Write out, word for word, every line in the data below from the one containing "[K] is built" to the one containing "move=> FF Fx;", both of them included.

[Data supplied Boundary: Start]

(* Assume $V=L$. Let $i\in T$ and $X\in\mathrm{IPS}_{[\subseteq i]}$. Then every nonempty set $Y\subseteq X$ which is clopen in $X$ (in the relative topology) belongs to $\mathrm{IPS}_{[\subseteq i]}$.
   Context: $T$ is the set of all nonempty finite sequences of countable ordinals, ordered by strict extension $\subset$; $[\subseteq i]=\{j\in T: j\subseteq i\}$. $\Xi$ is the set of all at most countable $\xi\subseteq T$ closed downward under $\subset$ (so $[\subseteq i]\in\Xi$). $D=2^\omega$; $D^\xi$ is the product of $\xi$ copies of $D$. For $\eta\subseteq\xi$ and $x\in D^\xi$, $x\restriction\eta$ is the restriction. For $\zeta\in\Xi$, $\mathrm{IPS}_\zeta$ is the set of all $X\subseteq D^\zeta$ for which there is a homeomorphism $H:D^\zeta\to X$ onto $X$ such that for all $x_0,x_1\in D^\zeta$ and all $\xi\in\Xi$, $\xi\subseteq\zeta$: $x_0\restriction\xi=x_1\restriction\xi\iff H(x_0)\restriction\xi=H(x_1)\restriction\xi$. *)

From HB Require Import structures.
From mathcomp Require Import all_boot all_order all_algebra.
From mathcomp Require Import all_classical all_reals all_analysis.
Set Implicit Arguments. Unset Strict Implicit. Unset Printing Implicit Defensive.
Local Open Scope classical_set_scope.

Section Defs.
(* Omega plays the role of omega_1 (the countable ordinals); only the
   sequence structure over it matters, so we allow any type. *)
Variable Omega : Type.

Definition Tseq := {s : seq Omega | s <> [::]}.

Definition tsub_eq (j i : Tseq) : Prop := exists k, sval i = sval j ++ k.
Definition tsub (j i : Tseq) : Prop :=
  exists k, k <> [::] /\ sval i = sval j ++ k.

Definition below (i : Tseq) : set Tseq := [set j | tsub_eq j i].

Definition Xi : set (set Tseq) :=
  [set xi | countable xi /\ (forall i j, tsub j i -> xi i -> xi j)].

Definition D := cantor_space.
Definition Dpow (zeta : set Tseq) := prod_topology (fun _ : {j | zeta j} => D).

Definition agree_on (zeta xi : set Tseq) (x0 x1 : Dpow zeta) : Prop :=
  forall j (h : zeta j), xi j -> x0 (exist _ j h) = x1 (exist _ j h).

Definition homeo_onto (zeta : set Tseq) (H : Dpow zeta -> Dpow zeta)
  (X : set (Dpow zeta)) : Prop :=
  [/\ continuous H, range H = X, injective H &
      exists G : Dpow zeta -> Dpow zeta,
        {within X, continuous G} /\ (forall x, G (H x) = x)].

Definition IPS (zeta : set Tseq) : set (set (Dpow zeta)) :=
  [set X | exists H : Dpow zeta -> Dpow zeta, homeo_onto H X /\
     (forall (x0 x1 : Dpow zeta) (xi : set Tseq), Xi xi -> xi `<=` zeta ->
        (agree_on xi x0 x1 <-> agree_on xi (H x0) (H x1)))].

Definition rel_clopen {S : topologicalType} (X Y : set S) : Prop :=
  (exists U, open U /\ Y = X `&` U) /\ (exists F, closed F /\ Y = X `&` F).

End Defs.

From HB Require Import structures.
From mathcomp Require Import all_boot all_order all_algebra.
From mathcomp Require Import all_classical all_reals all_analysis.
From mathcomp Require Import zify.
Set Implicit Arguments. Unset Strict Implicit. Unset Printing Implicit Defensive.
Local Open Scope classical_set_scope.

(* The coordinates of [D^[<= i]] form a finite chain ranked by length, and the
   members of [Xi] contained in [[<= i]] are exactly its initial segments, so it
   suffices to find a homeomorphism [K] of [D^[<= i]] onto the nonempty clopen
   set [U = H^-1(Y)] such that [K] and its inverse are triangular: coordinate
   [j] of the image depends only on the coordinates of rank at most that of
   [j]. Then [H \o K] witnesses that [Y] is in [IPS]. Being clopen in a
   compact space, [U] is determined by the first [N] bits of each coordinate.
   [K] is built rank by rank: given the lower coordinates of the image, the set
   of [N]-bit words that the current coordinate can start with inside [U] is a
   nonempty finite set [s], and a fixed homeomorphism of [D] onto the union of
   the cylinders of [s] is applied to the current input coordinate. *)

(** * Cylinders in powers of the Cantor space *)

Lemma cvg_prod_coord (J : Type) (T : J -> topologicalType)
    (F : set_system (prod_topology T)) (x : prod_topology T) :
  Filter F -> (forall j B, nbhs (x j) B -> F [set y | B (y j)]) -> F --> x.
Proof.
move=> FF Fx; apply/cvg_sup => j A /= [_ [[B oB <-] Bxj BA]].
by apply: filterS BA _; apply: Fx; exact: open_nbhs_nbhs.
Qed.

Lemma continuous_prod_coord (J : Type) (T S : topologicalType)
    (g : S -> prod_topology (fun _ : J => T)) :
  (forall j, continuous (fun s => g s j)) -> continuous g.
Proof.
have projT j : range (fun f : prod_topology (fun _ : J => T) => f j) = setT.
  by apply/seteqP; split=> // t _; exists (fun _ => t).
move=> gc s; apply/cvg_sup => j; apply/cvg_image; first exact: projT.
move=> B /= Bg; exists ((fun f : prod_topology (fun _ : J => T) => f j) @^-1` B).
  exact: gc.
by rewrite image_preimage ?projT.
Qed.

HB.instance Definition _ (I : Type) := Pointed.on (prod_topology (fun _ : I => D)).

Section CantorPower.
Variable I : Type.
Local Notation DP := (prod_topology (fun _ : I => D)).

Definition agree_upto (M : nat) (x y : DP) :=
  forall j k, (k < M)%N -> x j k = y j k.

Lemma agree_upto_trans M x y z :
  agree_upto M x y -> agree_upto M y z -> agree_upto M x z.
Proof. by move=> xy yz j k kM; rewrite xy ?yz. Qed.

Lemma agree_upto_le M M' x y :
  (M' <= M)%N -> agree_upto M x y -> agree_upto M' x y.
Proof. by move=> M'M xy j k kM'; apply: xy; lia. Qed.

[Data supplied Boundary: End]

## Expected answer
   [K] is built rank by rank: given the lower coordinates of the image, the set
   of [N]-bit words that the current coordinate can start with inside [U] is a
   nonempty finite set [s], and a fixed homeomorphism of [D] onto the union of
   the cylinders of [s] is applied to the current input coordinate. *)

(** * Cylinders in powers of the Cantor space *)

Lemma cvg_prod_coord (J : Type) (T : J -> topologicalType)
    (F : set_system (prod_topology T)) (x : prod_topology T) :
  Filter F -> (forall j B, nbhs (x j) B -> F [set y | B (y j)]) -> F --> x.
Proof.
move=> FF Fx; apply/cvg_sup => j A /= [_ [[B oB <-] Bxj BA]].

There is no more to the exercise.